=== Begin Enclosure ===

(* Handshake lemma inside S: every edge of E within S is counted twice on
   the left and once, at its tail, on the right. *)
Lemma orientation_handshake (E O : rel V) (S : {set V}) :
  orientation E O ->
  \sum_(x in S) #|[set y in S | E x y]| = 2 * \sum_(x in S) #|[set y in S | O x y]|.
Proof.
move=> [EO Oasym].
rewrite (eq_bigr (fun x => \sum_(y in S) O x y + \sum_(y in S) O y x)); last first.
  move=> x _; rewrite card_sep_sum -big_split /=; apply: eq_bigr => y _.
  rewrite EO; case Oxy: (O x y); case Oyx: (O y x) => //.
  by move: (Oasym _ _ Oxy); rewrite Oyx.
rewrite big_split /= [X in _ + X]exchange_big /= mul2n -addnn.
by congr (_ + _); apply: eq_bigr => x _; rewrite card_sep_sum.
Qed.

Lemma orientation_handshakeT (E O : rel V) :
  orientation E O -> \sum_x deg E x = 2 * \sum_x deg O x.
Proof.
move=> EO; have := orientation_handshake setT EO.
have degT (R : rel V) x : #|[set y in setT | R x y]| = deg R x.
  by apply: eq_card => y; rewrite !inE.
under eq_bigr do rewrite degT; under [X in _ = 2 * X]eq_bigr do rewrite degT.
by rewrite !(eq_bigl _ _ (in_setT (T := V))).
Qed.

Definition reverse (O F : rel V) : rel V := fun x y => (O x y && ~~ F x y) || F y x.

Lemma reverse_orientation (E O F : rel V) :
  orientation E O -> subrel F O -> orientation E (reverse O F).
Proof.
move=> [EO Oasym] FO; split=> x y; rewrite /reverse; [rewrite EO|];
  move: (FO x y) (FO y x) (Oasym x y) (Oasym y x);
  case: (O x y); case: (O y x); case: (F x y); case: (F y x) => //= H1 H2 H3 H4;
  by [ | move: (H1 isT) | move: (H2 isT) | move: (H3 isT) | move: (H4 isT)].
Qed.

Lemma deg_reverse (E O F : rel V) (u : V) :
  orientation E O -> subrel F O ->
  deg (reverse O F) u = deg O u - deg F u + indeg F u.
Proof.
move=> [_ Oasym] FO; have FuO : [set y | F u y] \subset [set y | O u y].
  by apply/subsetP => y; rewrite !inE; apply: FO.
rewrite /deg /indeg -(setIidPr FuO) -cardsD -card_setU_disjoint.
  by apply: eq_card => y; rewrite !inE /reverse andbC.
apply/pred0P => y /=; rewrite !inE; apply/negbTE/andP => -[/andP[_ Ouy] Fyu].
by move: (Oasym _ _ (FO _ _ Fyu)); rewrite Ouy.
Qed.

Definition arc (a b : V) : rel V := fun x y => (x == a) && (y == b).

Lemma deg_arc (a b u : V) : deg (arc a b) u = (u == a).
Proof.
rewrite /deg /arc; case: eqP => [_|_] /=; last by apply: eq_card0 => y; rewrite !inE.
by rewrite -(cards1 b); apply: eq_card => y; rewrite !inE.
Qed.

Lemma indeg_arc (a b u : V) : indeg (arc a b) u = (u == b).
Proof.
rewrite /indeg /arc; case: (eqVneq u b) => [_|_] /=.
  by rewrite -(cards1 a); apply: eq_card => x; rewrite !inE andbT.
by apply: eq_card0 => x; rewrite !inE andbF.
Qed.

Lemma reverse_path (E O : rel V) (v : V) (p : seq V) :
  orientation E O -> path O v p -> uniq (v :: p) -> p != [::] ->
  exists O', orientation E O' /\
    forall u, deg O' u = deg O u - (u == v) + (u == last v p).
Proof.
elim: p O v => [//|x p IH] O v EO /andP[Ovx path_xp] uniq_vxp _.
pose O1 := reverse O (arc v x).
have arcO : subrel (arc v x) O by move=> a b /andP[/eqP-> /eqP->].
have EO1 := reverse_orientation EO arcO.
have degO1 u : deg O1 u = deg O u - (u == v) + (u == x).
  by rewrite (deg_reverse _ EO arcO) deg_arc indeg_arc.
case: p IH path_xp uniq_vxp => [|y p] IH path_xp uniq_vxp; first by exists O1.
have path1 : path O1 x (y :: p).
  apply: (@sub_in_path _ (predC1 v) O); last exact: path_xp.
    by move=> a b /= a_v _ Oab; rewrite /O1 /reverse /arc (negbTE a_v) Oab.
  move: uniq_vxp => /andP[v_notin _]; apply/allP => a a_in /=.
  by apply: contraNneq v_notin => <-.
have [O' [EO' degO']] := IH O1 x EO1 path1 (proj2 (andP uniq_vxp)) isT.
by exists O'; split=> // u; rewrite degO' degO1 addnK.
Qed.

=== End Enclosure ===

**What you are asked to do**
Each line above that contains the word "arcO" should be copied.

**Answer for this exercise**
have arcO : subrel (arc v x) O by move=> a b /andP[/eqP-> /eqP->].
have EO1 := reverse_orientation EO arcO.
  by rewrite (deg_reverse _ EO arcO) deg_arc indeg_arc.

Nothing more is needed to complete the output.